SAN DIEGO -- Grítalos Javier. Grita, Chicharito, los dos goles al Norwich.
Llénate los pulmones de gol Hernández, que en dos partidos has dado dos victorias al Manchester United.
¡Grítalos Javier, grítalos! Para quienes han perdido la fe en ti. Para quienes mantiene la fe en ti. Para el único que no ha perdido la fe en ti mismo.
¡Grítalos Chicharito, grítalos! Para quienes dicen que no debes volver a la selección mexicana por tus obscenidades en cancha ante Panamá y Costa Rica. Y para quienes imploran tu regreso por estas metódicas proezas en la mejor Liga del Mundo.
¡Grítalos Hernández, grítalos! Para quien te tuvo una fe desmesurada y te entregó el balón para el manchón de las fatalidades. Y para quienes deploran, e imploran, que no vuelvas a plantarte ante la inminencia de gol que es el penalti.
¡Grítalos Javier, grítalos! Para quienes se plantan con fe absoluta en que los ungidos del gol en México, Raúl Jiménez y Oribe Peralta, son suficientes ante Nueva Zelanda. Y para quienes arguyen que sumar a un hombre que asesina en la estratósfera de Inglaterra, puede ser un aniquilador entre los rascacielos de Nueva Zelanda.

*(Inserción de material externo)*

(* Let $\mathbf{k}=\mathbb{R}$ or $\mathbb{C}$, let $(C^\bullet,\partial)$ be a complex of finite-dimensional $\mathbf{k}$-vector spaces of odd length $d=2r-1$ with a chirality operator $\Gamma$, and let $\langle\cdot,\cdot\rangle_j$ be Euclidean (if $\mathbf{k}=\mathbb{R}$) or Hermitian (if $\mathbf{k}=\mathbb{C}$) scalar products on $C^j$, $j=0,\dots,d$, such that $\Gamma$ is self-adjoint. Let $\|\cdot\|_{\operatorname{Det}(H^\bullet(\partial))}$ be the metric on $\operatorname{Det}(H^\bullet(\partial))$ for which $\phi_{C^\bullet}$ is an isometry, where $\operatorname{Det}(C^\bullet)$ carries the metric induced by the scalar products. Then $\|\rho_\Gamma\|_{\operatorname{Det}(H^\bullet(\partial))}=1$.
   Context: Determinant lines: $\operatorname{Det}(V)=\Lambda^{\dim V}V$, $\operatorname{Det}(0)=\mathbf{k}$, $L^{-1}=\operatorname{Hom}(L,\mathbf{k})$, $l^{-1}(l)=1$, $\operatorname{Det}(V^\bullet)=\bigotimes_j\operatorname{Det}(V^j)^{(-1)^j}$; $\mu_{V_1,\dots,V_r}$ is the fusion isomorphism given by concatenating wedges. The isomorphism $\phi_{C^\bullet}:\operatorname{Det}(C^\bullet)\to\operatorname{Det}(H^\bullet(\partial))$: choose $C^j=B^j\oplus H^j\oplus A^j$ with $B^j\oplus H^j=\operatorname{Ker}\partial\cap C^j$, $B^j=\partial(A^{j-1})=\partial(C^{j-1})$, $A^{-1}=A^d=0$; for nonzero $c_j\in\operatorname{Det}(C^j)$, $a_j\in\operatorname{Det}(A^j)$ ($a_{-1}=1$), $h_j\in\operatorname{Det}(H^j)\cong\operatorname{Det}(H^j(\partial))$ is unique with $c_j=\mu_{B^j,H^j,A^j}(\partial(a_{j-1})\otimes h_j\otimes a_j)$; $\phi_{C^\bullet}(c_0\otimes c_1^{-1}\otimes\cdots\otimes c_d^{(-1)^d})=(-1)^{\mathcal N}h_0\otimes h_1^{-1}\otimes\cdots\otimes h_d^{(-1)^d}$, $\mathcal N=\frac12\sum_j\dim A^j(\dim A^j+(-1)^{j+1})$; independent of choices. A chirality operator is an involution $\Gamma:C^\bullet\to C^\bullet$ with $\Gamma(C^j)=C^{d-j}$; $\Gamma c_j\in\operatorname{Det}(C^{d-j})$ denotes the image of $c_j\in\operatorname{Det}(C^j)$. For nonzero $c_j\in\operatorname{Det}(C^j)$, $j=0,\dots,r-1$, put $c_\Gamma=(-1)^{\mathcal R(C^\bullet)}c_0\otimes c_1^{-1}\otimes\cdots\otimes c_{r-1}^{(-1)^{r-1}}\otimes(\Gamma c_{r-1})^{(-1)^r}\otimes(\Gamma c_{r-2})^{(-1)^{r-1}}\otimes\cdots\otimes(\Gamma c_0)^{-1}\in\operatorname{Det}(C^\bullet)$, where $\mathcal R(C^\bullet)=\frac12\sum_{j=0}^{r-1}\dim C^j(\dim C^j+(-1)^{r+j})$; $c_\Gamma$ is independent of the $c_j$. The refined torsion is $\rho_\Gamma:=\phi_{C^\bullet}(c_\Gamma)\in\operatorname{Det}(H^\bullet(\partial))$. *)

From mathcomp Require Import all_boot all_order all_algebra.
From mathcomp Require Import reals complex.
Set Implicit Arguments. Unset Strict Implicit. Unset Printing Implicit Defensive.
Import GRing.Theory Num.Theory.
Local Open Scope ring_scope.

(* kfield R false = R (Euclidean case), kfield R true = R[i] (Hermitian case) *)
Definition kfield (R : realType) (iscomplex : bool) : numFieldType :=
  if iscomplex then (R[i] : numFieldType) else (R : numFieldType).

Definition kconj (R : realType) (iscomplex : bool) :
    kfield R iscomplex -> kfield R iscomplex :=
  match iscomplex with
  | true => fun x : R[i] => Num.conj x
  | false => id
  end.

(** * Finite-dimensional spaces are k^m, vectors are row vectors 'rV_m. *)

Definition rows (K : Type) (p m : nat) (A : 'M[K]_(p, m)) : seq 'rV[K]_m :=
  [seq row i A | i <- enum 'I_p].

Definition mx_of_rows (K : nmodType) (m : nat) (s : seq 'rV[K]_m) :
    'M[K]_(size s, m) := \matrix_(i < size s) nth 0 s i.

(* Det(k^m) = Lambda^m k^m is identified with k through its canonical
   generator e_1 /\ ... /\ e_m.  For vectors v_1,...,v_m of k^m,
   v_1 /\ ... /\ v_m = (wedge_coef [:: v_1; ...; v_m]) * (e_1 /\ ... /\ e_m). *)
Definition wedge_coef (K : comNzRingType) (m : nat) (s : seq 'rV[K]_m) : K :=
  if size s == m then \det (\matrix_(i < m, j < m) (nth 0 s i) 0 j) else 0.

(** * Scalar products.  A sesquilinear form on k^m is given by its Gram
    matrix G: <u, v> = u G v^*T (linear in u, conjugate-linear in v). *)
Definition sprod (R : realType) (b : bool) (m : nat)
    (G : 'M[kfield R b]_m) (u v : 'rV[kfield R b]_m) : kfield R b :=
  (u *m G *m (map_mx (@kconj R b) v)^T) 0 0.

Definition is_scalar_product (R : realType) (b : bool) (m : nat)
    (G : 'M[kfield R b]_m) : Prop :=
  (forall u v, sprod G v u = kconj (sprod G u v)) /\
  (forall u, u != 0 -> 0 < sprod G u u).

Definition pw (K : fieldType) (j : nat) (x : K) : K :=
  if odd j then x^-1 else x.

(** * The complex (C^j, d_j), j = 0..d, with C^j = k^(n j);
    the differential d_j : C^j -> C^(j+1) acts on row vectors by v |-> v *m D j. *)

Definition imD (K : fieldType) (n : nat -> nat)
    (D : forall j, 'M[K]_(n j, n j.+1)) (j : nat) : 'M[K]_(n j.-1, n j) :=
  match j as j' return 'M[K]_(n j'.-1, n j') with
  | 0 => 0
  | i.+1 => D i
  end.

(* b is a family of vectors of Ker d_j whose classes form a basis of
   H^j(d) = Ker d_j / Im d_{j-1} *)
Definition is_cohom_basis (K : fieldType) (n : nat -> nat)
    (D : forall j, 'M[K]_(n j, n j.+1)) (j : nat) (b : seq 'rV[K]_(n j)) : bool :=
  [&& (mx_of_rows b <= kermx (D j))%MS,
      (kermx (D j) <= mx_of_rows b + imD D j)%MS &
      (size b + \rank (imD D j) == \rank (kermx (D j)))%N].

Arguments is_cohom_basis {K n} D j b.
Arguments imD {K n} D j.

(* chosen complement A^j of Ker d_j in C^j, given by a basis *)
Definition Abasis (K : fieldType) (n : nat -> nat)
    (D : forall j, 'M[K]_(n j, n j.+1)) (j : nat) : seq 'rV[K]_(n j) :=
  rows (row_base ((kermx (D j))^C)%MS).

Arguments Abasis {K n} D j.

(* basis of B^j = d(A^{j-1}) (empty for j = 0, since A^{-1} = 0) *)
Definition Bbasis (K : fieldType) (n : nat -> nat)
    (D : forall j, 'M[K]_(n j, n j.+1)) (j : nat) : seq 'rV[K]_(n j) :=
  match j as j' return seq 'rV[K]_(n j') with
  | 0 => [::]
  | i.+1 => [seq v *m D i | v <- Abasis D i]
  end.

Arguments Bbasis {K n} D j.

(* Det(C^.) = (x) Det(C^j)^((-1)^j) is identified with k via the generator
   e^0 (x) (e^1)^-1 (x) e^2 (x) ... , e^j = canonical generator of Det(C^j). *)
Definition DetC (K : numFieldType) := K.

(* tensor product c_0 (x) c_1^-1 (x) ... (x) c_d^((-1)^d) of c_j = x_j e^j *)
Definition det_tensor (K : numFieldType) (d : nat) (x : nat -> K) : DetC K :=
  \prod_(j < d.+1) pw j (x j).

(* metric on Det(C^.) induced by the scalar products (given by Gram matrices
   G j); we use squared norms: ||v_1/\.../\v_m||^2 = det(<v_a,v_b>), the norm
   on an inverse line is the dual norm and norms multiply on tensor products. *)
Definition DetC_normsq (R : realType) (b : bool) (n : nat -> nat) (d : nat)
    (G : forall j, 'M[kfield R b]_(n j)) (x : DetC (kfield R b)) : kfield R b :=
  `|x| ^+ 2 * \prod_(j < d.+1) pw j (\det (G j)).

(* Det(H^.(d)) = (x) Det(H^j(d))^((-1)^j).  A vector of this line is
   represented by its coordinate function: to each family (b_j)_j where b_j
   represents a basis of H^j(d) it associates the scalar f(b) such that the
   vector equals f(b) . h_0 (x) h_1^-1 (x) ... with h_j = wedge of the classes
   of b_j.  (Values on non-bases are irrelevant.) *)
Definition DetH (K : numFieldType) (n : nat -> nat) :=
  (forall j, seq 'rV[K]_(n j)) -> K.

(* For a family of bases b_j of H^j(d) we take H^j := span b_j,
   A^j := Abasis, B^j = d(A^{j-1}) (basis Bbasis), c_j := e^j, a_j := wedge of
   Abasis j.  Then e^j = mu(d(a_{j-1}) (x) h_j (x) a_j) with
   h_j = (wedge_coef (Bbasis ++ b_j ++ Abasis))^-1 . (wedge of b_j). *)
Definition N_exp (K : fieldType) (n : nat -> nat)
    (D : forall j, 'M[K]_(n j, n j.+1)) (d : nat) : nat :=
  \sum_(j < d.+1)
     let a := size (Abasis D j) in if odd j then 'C(a.+1, 2) else 'C(a, 2).

Definition phiC (K : numFieldType) (n : nat -> nat) (d : nat)
    (D : forall j, 'M[K]_(n j, n j.+1)) (x : DetC K) : DetH K n :=
  fun b =>
    if [forall j : 'I_d.+1, is_cohom_basis D j (b j)] then
      (-1) ^+ N_exp D d * x *
      \prod_(j < d.+1) pw j (wedge_coef (Bbasis D j ++ b j ++ Abasis D j))^-1
    else 0.

(** * Chirality operator: Gam i j : C^i -> C^j is the (i,j) block of the
    operator Gamma on C^. = (+)_j C^j (acting on row vectors). *)
Definition is_chirality (K : numFieldType) (n : nat -> nat) (d : nat)
    (Gam : forall i j, 'M[K]_(n i, n j)) : Prop :=
  (forall i j, (i + j != d)%N -> Gam i j = 0) /\
  (forall i j, (i + j = d)%N -> Gam i j *m Gam j i = 1%:M).

(* exponent R(C^.) = 1/2 sum_{j<r} dim C^j (dim C^j + (-1)^(r+j)) *)
Definition R_exp (n : nat -> nat) (r : nat) : nat :=
  \sum_(j < r) (if odd (r + j) then 'C(n j, 2) else 'C((n j).+1, 2)).

(* c_Gamma = (-1)^R c_0 (x) c_1^-1 (x) ... (x) c_{r-1}^((-1)^(r-1))
     (x) (Gam c_{r-1})^((-1)^r) (x) ... (x) (Gam c_0)^-1,
   for c_j = x_j e^j (j < r); Gam c_j = x_j (Gam e_1 /\ ... /\ Gam e_m)
   lies in Det(C^(d-j)), d = 2r-1. *)
Definition cGamma (K : numFieldType) (n : nat -> nat) (r : nat)
    (Gam : forall i j, 'M[K]_(n i, n j)) (c : nat -> K) : DetC K :=
  let d := (2 * r)%N.-1 in
  (-1) ^+ R_exp n r *
  det_tensor d (fun j => if (j < r)%N then c j
                         else c (d - j)%N * wedge_coef (rows (Gam (d - j)%N j))).

Definition refined_torsion (K : numFieldType) (n : nat -> nat) (r : nat)
    (D : forall j, 'M[K]_(n j, n j.+1)) (Gam : forall i j, 'M[K]_(n i, n j))
    (c : nat -> K) : DetH K n :=
  phiC (2 * r)%N.-1 D (cGamma r Gam c).

From mathcomp Require Import all_boot all_order all_algebra.
From mathcomp Require Import reals complex.
From mathcomp Require Import ring zify.
Set Implicit Arguments. Unset Strict Implicit. Unset Printing Implicit Defensive.
Import Order.TTheory GRing.Theory Num.Theory.
Local Open Scope ring_scope.

(* Since phi is an isometry, only the norm of c_Gamma in Det(C^.) matters.
   There the factor c_j of Det(C^j) is paired with Gamma c_j in Det(C^(d-j)),
   and as d is odd the two carry opposite exponents.  A self-adjoint involution
   is unitary: Gamma G_(d-j) = G_j Gamma^*, hence
   det G_j = |det Gamma|^2 det G_(d-j), i.e. ||Gamma c_j|| = ||c_j||, and every
   pair contributes ||c_j||^2 ||Gamma c_j||^-2 = 1 (or its inverse). *)

Section Conjugation.
Variables (R : realType) (b : bool).
Local Notation K := (kfield R b).
Local Notation kconj := (@kconj R b).

Lemma kconj0 : kconj 0 = 0.
Proof. by case: b => /=; rewrite ?conjC0. Qed.

Lemma kconj1 : kconj 1 = 1.
Proof. by case: b => /=; rewrite ?conjC1. Qed.

Lemma kconjM (x y : K) : kconj (x * y) = kconj x * kconj y.
Proof. by case: b x y => x y /=; rewrite ?rmorphM. Qed.

Lemma normK_kconj (x : K) : `|x| ^+ 2 = x * kconj x.
Proof. by case: b x => x /=; [exact: normCK | rewrite -expr2 real_normK ?num_real]. Qed.

Lemma det_map_kconj m (A : 'M[K]_m) : \det (map_mx kconj A) = kconj (\det A).
Proof. by case: b A => A /=; [exact: det_map_mx | rewrite map_mx_id]. Qed.

Lemma map_kconj_mulmx m p q (A : 'M[K]_(m, p)) (B : 'M_(p, q)) :
  map_mx kconj (A *m B) = map_mx kconj A *m map_mx kconj B.
Proof. by case: b A B => A B /=; [exact: map_mxM | rewrite !map_mx_id]. Qed.

Lemma map_kconj_delta m p (i : 'I_m) (j : 'I_p) :
  map_mx kconj (delta_mx i j) = delta_mx i j.
Proof. by apply/matrixP => a c; rewrite !mxE; case: (_ && _); rewrite ?kconj0 ?kconj1. Qed.

Definition sform m p (X : 'M[K]_(m, p)) (u : 'rV_m) (v : 'rV_p) : K :=
  (u *m X *m (map_mx kconj v)^T) 0 0.

Lemma sform_delta m p (X : 'M[K]_(m, p)) (i : 'I_m) (j : 'I_p) :
  sform X (delta_mx 0 i) (delta_mx 0 j) = X i j.
Proof. by rewrite /sform map_kconj_delta trmx_delta -rowE -colE !mxE. Qed.

Lemma sform_inj m p (X Y : 'M[K]_(m, p)) :
  (forall u v, sform X u v = sform Y u v) -> X = Y.
Proof. by move=> eqXY; apply/matrixP => i j; rewrite -!sform_delta. Qed.

Lemma sprod_mulmxl m p (G : 'M[K]_p) (A : 'M_(m, p)) u v :
  sprod G (u *m A) v = sform (A *m G) u v.
Proof. by rewrite /sprod /sform !mulmxA. Qed.

Lemma sprod_mulmxr m p (G : 'M[K]_m) (B : 'M_(p, m)) u v :
  sprod G u (v *m B) = sform (G *m (map_mx kconj B)^T) u v.
Proof. by rewrite /sprod /sform map_kconj_mulmx trmx_mul !mulmxA. Qed.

¡Grítalos Javier, grítalos! Para que Miguel Herrera deje de verte con mirada entrecerrada de incertidumbre y desconfianza. Y para que argumentes que ustedes los europeos son culpables, pero no tan culpables como para cargar solos el holocausto, y ser el agua sin contaminar con que se lavan las pútridas manos los federativos mexicanos.
¡Grítalos Javier, grítalos! Para escaparte del sarcófago en el que tú mismo te metiste, y del que tú clavaste la última de las estacas del suicidio público, abanicando balones, errando penales, exorcizando la gloria del gol con el Tri. Y para que en el mismo acto te redimas, te inmoles nuevamente, y resucites en estos tiempos de urgencia donde pululan rencorosas almas en pena.
¡Grítalos Javier, grítalos! Porque en tiempos de crisis abundan los que se rinden, pero faltan los que se rebelan a las traiciones y emboscadas de su propio destino. Y porque el futbol mexicano es un camposanto sobrepoblado de cadáveres de tantos que nunca se dieron a sí mismos la segunda oportunidad, antes de reclamarla a otros y de otros.
¡Grítalos Javier, grítalos! Para que tus propios miedos alejen las arpías de los miedos ajenos. Y para los que nunca han titubeado por tu futuro, a pesar de tu titubeante pasado inmediato con la selección mexicana.
¡Grítalos Javier, grítalos! A Moyes, a Ferguson, a Rooney, a Van Persie, porque en ellos has encontrado la solidaridad de soldados de una misma guerra. Y para que quienes viven en la verde trinchera del abandono, comprendan que las crisis son revanchas constantes y no sentencias de muerte eterna.
¡Grítalos Javier, grítalos! Para que alegren tus noches de ermitaño en las que te han enclaustrado tus despatarrados yerros con el Tri, irónicamente en universos de inferioridad futbolística como los páramos conkakafkianos. Y para que el edicto se mantenga intacto: el goleador permanece intacto, en igualdad de condiciones, en la igualdad de las lealtades.
Grítalos Javier, grítalos.
Pero especialmente para que el misterio prevalezca: debajo de un mismo número, ese 14 que canonizó inmortalmente Johan Cruyff, habita una fantasía de gol cuando se viste de rojo histórico, y habita un fantasma, a veces sin gol, cuando se viste de ese verde con tan endeble historia.